Страхи и не думают униматься. Они, словно полчище крыс, скребуться своими зазубренными коготками где-то на дне моего сознания, мешая сосредоточиться.


Начинаю сближение с караблем. До входа в шлюзовой отсек считанные метры.


Мне померещилось, мне показалось!


Затухающий свет иллюминаторов пишет в моей памяти азбукой Морзе слово "Нет".

Я хвастаюсь за створку, фиксируя положение. До входа пара десятков сантиметров.


Мне почудилось, да не может там никого быть!


Разум кричит о здравом смысле, но поджилки плетут о всякой потусторонней ерунде.

Заглядываю в шлюз: никого. Теплый свет озаряет небольшое помещение шлюзового отсека. Металлические стены отражают не хуже зеркала. Черная панель ввода моргает мне приветливым зелёным светом. Забираюсь в шлюз, повинуясь гравитации корабля, и закрываю вход. Автоматика гермозатворов срабатывает, отзываясь легким гулом.


- Я внутри. - Шепчу в микрофон, будто меня может услышат кто-то кроме Корнилова. Нет, надо будет взять у Мартина успокоительных. Чушь с иллюминаторами не выходит из головы.


- Изображение с камер скафандра не приходит. Действуй самостоятельно. Попытайся выровнять давление и открыть дверь, - голос Корнилова привычно холоден.

Подхожу к панели и ввожу простые команды. Корабль охотно подчиняется, и в шлюзовой отсек закачивается воздух.

Шипение воздуховода сменяет гудение двери. Вход в носовую часть открыт.


- Я захожу.


- Отклика командам так и нет. Нужно добраться до пункта управления, но вначале проверь автоматику каргоотсека.


Выхожу из шлюза и иду по основному коридору. До каргоотсека совсем недалеко. Грузные ботинки скафандра громко стучат по рифленому полу, порождая приглушённые эхо. Носовая часть пуста, даже освещения нет, и лишь редкие панели ввода горят, предлагая свои услуги.

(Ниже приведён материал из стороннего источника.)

Lemma pathrel_prod {J : Type} (X : J -> PsSpace) (x z : prodPs X) :
  pathrel (prodPs X) x z <-> forall j, pathrel (X j) (x j) (z j).
Proof.
  split.
  - intros [p [hp [<- <-]]] j. exists (fun t => p t j).
    split; [exact (continuous_comp _ _ hp (continuous_proj X j))|split; reflexivity].
  - intro h.
    destruct (dependent_choice (A := fun j => unitI -> X j)
      (fun j q => continuous (topPs unitI) (X j) q /\ q i0 = x j /\ q i1 = z j) h)
      as [q hq].
    exists (fun t j => q j t). split; [|split].
    + apply continuous_prodPs; [apply topPs_PsAxioms|]. intro j. apply hq.
    + apply functional_extensionality_dep. intro j. apply hq.
    + apply functional_extensionality_dep. intro j. apply hq.
Qed.

Lemma pi0proj_eq_iff (Y : PsSpace) (x y : Y) :
  pi0proj Y x = pi0proj Y y <-> pcomp Y x = pcomp Y y.
Proof.
  split; [intro e; exact (f_equal (@proj1_sig _ _) e)|intro e; apply subset_eq_compat, e].
Qed.

Lemma pcomp_prod {J : Type} (X : J -> PsSpace) (x : prodPs X) :
  pcomp (prodPs X) x = fun z => forall j, pcomp (X j) (x j) (z j).
Proof.
  apply functional_extensionality. intro z.
  apply propositional_extensionality, pathrel_prod.
Qed.

Section ProductComponents.

Context {J : Type} (X : J -> PsSpace).
Hypothesis hX : forall j, PsAxioms (X j).

(* Moving only the [j]-th coordinate of [x] along a path stays in the component of [x]. *)
Lemma pcomp_prod_coord (x y : prodPs X) j a :
  pcomp (prodPs X) x = pcomp (prodPs X) y -> pathrel (X j) (x j) a -> pathrel (X j) (y j) a.
Proof.
  intros e ha.
  assert (hx : pcomp (prodPs X) x (upd (T := fun j => X j) x j a)).
  { rewrite pcomp_prod. intro k. destruct (classic (j = k)) as [<-|n].
    - rewrite upd_same. exact ha.
    - rewrite upd_other by exact n. apply pathrel_refl, hX. }
  rewrite e, pcomp_prod in hx. specialize (hx j). rewrite upd_same in hx. exact hx.
Qed.

Lemma pi0proj_prod_eq (x y : prodPs X) :
  pi0proj (prodPs X) x = pi0proj (prodPs X) y <->
  forall j, pi0proj (X j) (x j) = pi0proj (X j) (y j).
Proof.
  rewrite pi0proj_eq_iff. split.
  - intros e j. apply pi0proj_eq_iff, functional_extensionality. intro a.
    apply propositional_extensionality.
    split; apply pcomp_prod_coord; [exact e|symmetry; exact e].
  - intro h. rewrite !pcomp_prod.
    assert (E : (fun j => pcomp (X j) (x j)) = (fun j => pcomp (X j) (y j))).
    { apply functional_extensionality_dep. intro j. apply pi0proj_eq_iff, h. }
    change ((fun z => forall j, (fun j => pcomp (X j) (x j)) j (z j)) =
            (fun z => forall j, (fun j => pcomp (X j) (y j)) j (z j))).
    rewrite E. reflexivity.
Qed.

End ProductComponents.

Definition rep {Y : PsSpace} (c : pi0car Y) : Y :=
  proj1_sig (constructive_indefinite_description _ (proj2_sig c)).

Lemma pi0proj_rep {Y : PsSpace} (c : pi0car Y) : pi0proj Y (rep c) = c.
Proof.
  destruct c as [C hC]. unfold rep, pi0proj. apply subset_eq_compat. symmetry.
  exact (proj2_sig (constructive_indefinite_description _ hC)).
Qed.

Section Pi0ps.

Context {Y : PsSpace}.
Hypothesis hY : PsAxioms Y.

Lemma pi0ps_PsAxioms : PsAxioms (pi0ps Y).
Proof.
  split; [|intro c; left; reflexivity].
  intros U c [->|[V [x [cV [_ ->]]]]];
    [apply ultra_principal|apply ultra_push, (proj1 hY _ _ cV)].
Qed.

Lemma pi0proj_continuous : continuous Y (pi0ps Y) (pi0proj Y).
Proof. intros V x cV. right. exists V, x. auto. Qed.

Lemma pi0ps_conv_lift U c :
  conv (pi0ps Y) U c -> exists V x, conv Y V x /\ c = pi0proj Y x /\ U = push (pi0proj Y) V.
Proof.
  intros [->|h]; [|exact h]. exists (principal (rep c)), (rep c).
  split; [apply hY|split; [symmetry; apply pi0proj_rep|]].
  change (principal c = principal (pi0proj Y (rep c))). rewrite pi0proj_rep. reflexivity.
Qed.

Lemma continuous_from_pi0ps {E : PsSpace} (h : pi0car Y -> E) :
  PsAxioms E -> continuous Y E (fun x => h (pi0proj Y x)) -> continuous (pi0ps Y) E h.
Proof. intros hE hh U c [->|[V [x [cV [-> ->]]]]]; [apply hE|exact (hh _ _ cV)]. Qed.

Lemma pi0epi_PsAxioms : PsAxioms (pi0epi Y).
Proof.
  split; [intros U c [HU _]; exact HU|]. intro c.
  split; [apply ultra_principal|]. intros s hs _ _. apply hs.
Qed.

Lemma pi0ps_to_pi0epi U c : conv (pi0ps Y) U c -> conv (pi0epi Y) U c.
Proof.
  intro cU. split; [exact (proj1 pi0ps_PsAxioms _ _ cU)|]. intros s hs _ hcont.
  destruct cU as [->|[V [x [cV [-> ->]]]]]; [apply hs|exact (hcont _ _ cV)].
Qed.

(* [pi0epi Y] is finer than the initial structure of any such [h], as the latter is an
   epitopological structure making the projection continuous. *)
Lemma pi0epi_universal {E : PsSpace} (h : pi0car Y -> E) :
  PsAxioms E -> is_epitop E -> continuous Y E (fun x => h (pi0proj Y x)) ->
  continuous (pi0epi Y) E h.
Proof.
  intros hE hEepi hh U c [_ cU].
  exact (proj2 (cU (conv (initialPs E h)) (initialPs_PsAxioms h hE)
                   (initialPs_is_epitop h hEepi) (continuous_initialPs h _ hY hh))).
Qed.

End Pi0ps.

Lemma continuous_pi0epi_map {Y Y' : PsSpace} (k : Y -> Y') (h : pi0car Y -> pi0car Y') :
  PsAxioms Y -> continuous Y Y' k -> (forall x, h (pi0proj Y x) = pi0proj Y' (k x)) ->
  continuous (pi0epi Y) (pi0epi Y') h.
Proof.
  intros hY hk hh U c cU. split; [apply ultra_push, (proj1 cU)|].
  intros s hs hsepi hscont.
  refine (pi0epi_universal (E := {| pt := pi0car Y'; conv := s |}) hY h hs hsepi _ U c cU).
  apply (continuous_ext (B := {| pt := pi0car Y'; conv := s |})
           (fun x => pi0proj Y' (k x)));
    [intro x; symmetry; apply hh|].
  exact (continuous_comp _ _ hk hscont).
Qed.

Definition pi0_prod_map {J : Type} (X : J -> PsSpace) (c : pi0car (prodPs X)) :
    forall j, pi0car (X j) :=
  fun j => pi0proj (X j) (rep c j).

Definition pi0_prod_inv {J : Type} (X : J -> PsSpace) (y : forall j, pi0car (X j)) :
    pi0car (prodPs X) :=
  pi0proj (prodPs X) (fun j => rep (y j)).

Section Pi0Product.

Context {J : Type} (X : J -> PsSpace).
Hypothesis hX : forall j, PsAxioms (X j).

Lemma pi0_prod_map_proj x :
  pi0_prod_map X (pi0proj (prodPs X) x) = fun j => pi0proj (X j) (x j).
Proof.
  apply functional_extensionality_dep. apply (pi0proj_prod_eq X hX). apply pi0proj_rep.
Qed.

Lemma pi0_prod_inv_proj x :
  pi0_prod_inv X (fun j => pi0proj (X j) (x j)) = pi0proj (prodPs X) x.
Proof. apply (pi0proj_prod_eq X hX). intro j. apply pi0proj_rep. Qed.

Lemma pi0_prod_map_inv y : pi0_prod_map X (pi0_prod_inv X y) = y.
Proof.
  unfold pi0_prod_inv. rewrite pi0_prod_map_proj.
  apply functional_extensionality_dep. intro j. apply pi0proj_rep.
Qed.

Lemma pi0_prod_inv_map c : pi0_prod_inv X (pi0_prod_map X c) = c.
Proof. rewrite <- (pi0proj_rep c), pi0_prod_map_proj. apply pi0_prod_inv_proj. Qed.

Lemma continuous_pi0_prod_map_ps :
  continuous (pi0ps (prodPs X)) (prodPs (fun j => pi0ps (X j))) (pi0_prod_map X).
Proof.
  apply continuous_from_pi0ps.
  { apply prodPs_PsAxioms. intro j. apply pi0ps_PsAxioms, hX. }
  apply (continuous_ext (A := prodPs X) (B := prodPs (fun j => pi0ps (X j)))
           (fun x j => pi0proj (X j) (x j))).
  { intro x. symmetry. apply pi0_prod_map_proj. }
  apply continuous_prodPs; [apply prodPs_PsAxioms, hX|]. intro j.
  exact (continuous_comp _ _ (continuous_proj X j) pi0proj_continuous).
Qed.

(* A convergent ultrafilter on the product of the [pi0ps (X j)] is the image of a
   convergent ultrafilter on the product of the [X j]. *)
Lemma continuous_pi0_prod_inv_ps :
  continuous (prodPs (fun j => pi0ps (X j))) (pi0ps (prodPs X)) (pi0_prod_inv X).
Proof.
  intros U y [HU cU].
  destruct (dependent_choice (A := fun j => (setsys (X j) * X j)%type)
    (fun j p => conv (X j) (fst p) (snd p) /\ y j = pi0proj (X j) (snd p) /\
                push (fun c => c j) U = push (pi0proj (X j)) (fst p))) as [Vx hVx].
  { intro j. destruct (pi0ps_conv_lift (hX j) _ _ (cU j)) as [V [x h]].
    exists (V, x). exact h. }
  destruct (ultra_prod_lift (fun j => pi0proj (X j)) U (fun j => fst (Vx j)))
    as [W [HW [hWj hWU]]].
  - intros j c. exists (rep c). apply pi0proj_rep.
  - exact HU.
  - intro j. apply (proj1 (hX j) _ (snd (Vx j))), hVx.
  - intro j. symmetry. apply hVx.
  - right. exists W, (fun j => snd (Vx j)). split; [|split].
    + split; [exact HW|]. intro j. rewrite hWj. apply hVx.
    + rewrite <- (pi0_prod_inv_proj (fun j => snd (Vx j))). f_equal.
      apply functional_extensionality_dep. intro j. apply hVx.
    + subst U. exact (push_ext (fun x => pi0_prod_inv X (fun j => pi0proj (X j) (x j)))
                               (pi0proj (prodPs X)) W pi0_prod_inv_proj).
Qed.

End Pi0Product.

(** * Finite products and [pi0epi] *)

(* Currying turns [f] into a map [pi0ps Y -> Z^W]; since [Z^W] is epitopological, that
   map stays continuous on [pi0epi Y]. *)
Lemma pi0epi_upgrade {Y W : PsSpace} {Z : TopSpace} (f : pi0car Y * W -> Z) :
  PsAxioms Y -> PsAxioms W -> TopAxioms Z ->
  continuous (prod2Ps (pi0ps Y) W) (topPs Z) f ->
  continuous (prod2Ps (pi0epi Y) W) (topPs Z) f.
Proof.
  intros hY hW hZ hf.
  set (Psi := fun c : pi0car Y =>
    exist _ (fun w => f (c, w))
      (continuous_section (A := pi0ps Y) (Z := topPs Z) f c (pi0ps_PsAxioms hY) hW hf)
      : fspace W (topPs Z)).
  assert (hf' : forall p, f (fst p, snd p) = f p) by (intros [c w]; reflexivity).
  assert (hPsi : continuous (pi0ps Y) (fspace W (topPs Z)) Psi).
  { apply continuous_fspace_of_uncurry; [apply pi0ps_PsAxioms, hY|].
    apply (continuous_ext (A := prod2Ps (pi0ps Y) W) (B := topPs Z) f);
      [intro p; symmetry; apply hf'|exact hf]. }
  apply (continuous_ext (A := prod2Ps (pi0epi Y) W) (B := topPs Z)
           (fun p => proj1_sig (Psi (fst p)) (snd p)) f hf').
  apply continuous_uncurry, pi0epi_universal; [exact hY|apply fspace_PsAxioms| |].
  - apply fspace_is_epitop; assumption.
  - exact (continuous_comp _ _ pi0proj_continuous hPsi).
Qed.

(* This is [pi0epi Y] when [P] holds and [pi0ps Y] otherwise, [pi0ps Y] being finer. *)
Definition pi0mix (Y : PsSpace) (P : Prop) : PsSpace :=
  {| pt := pi0car Y;
     conv := fun U c => conv (pi0ps Y) U c \/ (P /\ conv (pi0epi Y) U c) |}.

Definition mixProd {J : Type} (X : J -> PsSpace) (S : J -> Prop) : PsSpace :=
  prodPs (fun j => pi0mix (X j) (S j)).

Section MixedProducts.

Context {J : Type} (X : J -> PsSpace).
Hypothesis hX : forall j, PsAxioms (X j).

Lemma mixProd_PsAxioms S : PsAxioms (mixProd X S).
Proof.
  apply prodPs_PsAxioms. intro j. split; [|intro c; left; left; reflexivity].
  intros U c [cU|[_ cU]]; [exact (proj1 (pi0ps_PsAxioms (hX j)) _ _ cU)|exact (proj1 cU)].
Qed.

(* [G] factors through [pi0epi (X j) * M], [M] being the new domain, the first factor
   overwriting the [j]-th coordinate of [M]; as that coordinate of [M] is never read,
   [M] can serve as the second factor of [pi0epi_upgrade]. *)
Lemma continuous_mixProd_add {B : PsSpace} {Z : TopSpace} (S : J -> Prop) (j : J)
    (G : (forall i, pi0car (X i)) * B -> Z) :
  PsAxioms B -> TopAxioms Z ->
  continuous (prod2Ps (mixProd X S) B) (topPs Z) G ->
  continuous (prod2Ps (mixProd X (fun i => j = i \/ S i)) B) (topPs Z) G.
Proof.
  intros hB hZ hG.
  set (M := prod2Ps (mixProd X (fun i => j = i \/ S i)) B).
  assert (hM : PsAxioms M) by exact (prod2Ps_PsAxioms (mixProd_PsAxioms _) hB).
  set (P := prod2Ps (pi0ps (X j)) M).
  assert (hP : PsAxioms P) by exact (prod2Ps_PsAxioms (pi0ps_PsAxioms (hX j)) hM).
  set (m1 := fun q : P => upd (T := fun i => pi0car (X i)) (fst (snd q)) j (fst q)).
  assert (hm1 : continuous P (mixProd X S) m1).
  { apply continuous_prodPs; [exact hP|]. intro i. destruct (classic (j = i)) as [<-|n].
    - apply (continuous_ext (A := P) (B := pi0mix (X j) (S j)) fst).
      { intro q. symmetry. exact (upd_same (T := fun i => pi0car (X i)) _ _ _). }
      intros R q [_ [cR _]]. left. exact cR.
    - apply (continuous_ext (A := P) (B := pi0mix (X i) (S i)) (fun q => fst (snd q) i)).
      { intro q. symmetry. exact (upd_other (T := fun i => pi0car (X i)) _ _ _ _ n). }
      intros R q [_ [_ [_ [[_ cR] _]]]]. destruct (cR i) as [c|[[e|s] c]];
        [left; exact c|contradiction|right; split; assumption]. }
  assert (hm : continuous P (prod2Ps (mixProd X S) B) (fun q => (m1 q, snd (snd q)))).
  { apply (continuous_pair (W := P) (A := mixProd X S) (B := B)); [exact hP|exact hm1|].
    exact (continuous_comp _ _ continuous_snd continuous_snd). }
  assert (hn : continuous M (prod2Ps (pi0epi (X j)) M) (fun w => (fst w j, w))).
  { apply (continuous_pair (W := M) (A := pi0epi (X j)) (B := M));
      [exact hM| |intros R w cR; exact cR].
    intros R w [_ [[_ cR] _]]. destruct (cR j) as [c|[_ c]]; [|exact c].
    exact (pi0ps_to_pi0epi (hX j) _ _ c). }
  apply (continuous_ext (A := M) (B := topPs Z)
           (fun w => G (m1 (fst w j, w), snd (snd (fst w j, w))))).
  { intros [p t]. unfold m1. simpl. rewrite upd_id. reflexivity. }
  exact (continuous_comp _ _ hn
           (pi0epi_upgrade _ (hX j) hM hZ (continuous_comp _ _ hm hG))).
Qed.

Одна из таких панелей встречает меня у каргоотсека. Рядом - бокс автоматической подачи. Грузы в отсеке размещены таким образом, что человеку их не достать, все делает автоматика. Осталось проверить, работает ли она, и не повредил ли объект, пробивший общивку, наш груз.


Проверяю перечень доступных опций.

Панель радостно докладывает о полной загрузке пищевого бокса - провизия не пострадала. Мое лицо наконец-то расходится в улыбке: хоть что-то хорошее. Запрашиваю выдачу объектов под номерами 23, 47 и 64.

Консервированная фасоль, замороженный лосось и коньячный десерт послужат достойной наградой за мое путешествие. Возможно, я даже с кем-нибудь поделюсь. Моя улыбка становится все шире.


Панель отвечает мне тем же. Чёрное пано дисплея заполяет с десяток смайликов. Повторяю команду - панель не унимается.

Черный глянец заливается морем зелёных улыбок. Страхи начинают скрестись во мне с новой силой. Они уже близко. Я почти слышу злобный писк этого полчища, я вижу их моргающие глаза-иллюминаторы.


Трясущимися руками ввожу команду ещё раз. Панель отвечает мне световым ударом: коридор заливает свет - лампы вспыхивают по всей носовой части "Ниньи". Смаргиваю солнечных зайчиков, которые скачут перед глазами от резкой вспышки, пытаясь понять что происходит, но реальность ещё раз бьёт меня поддых.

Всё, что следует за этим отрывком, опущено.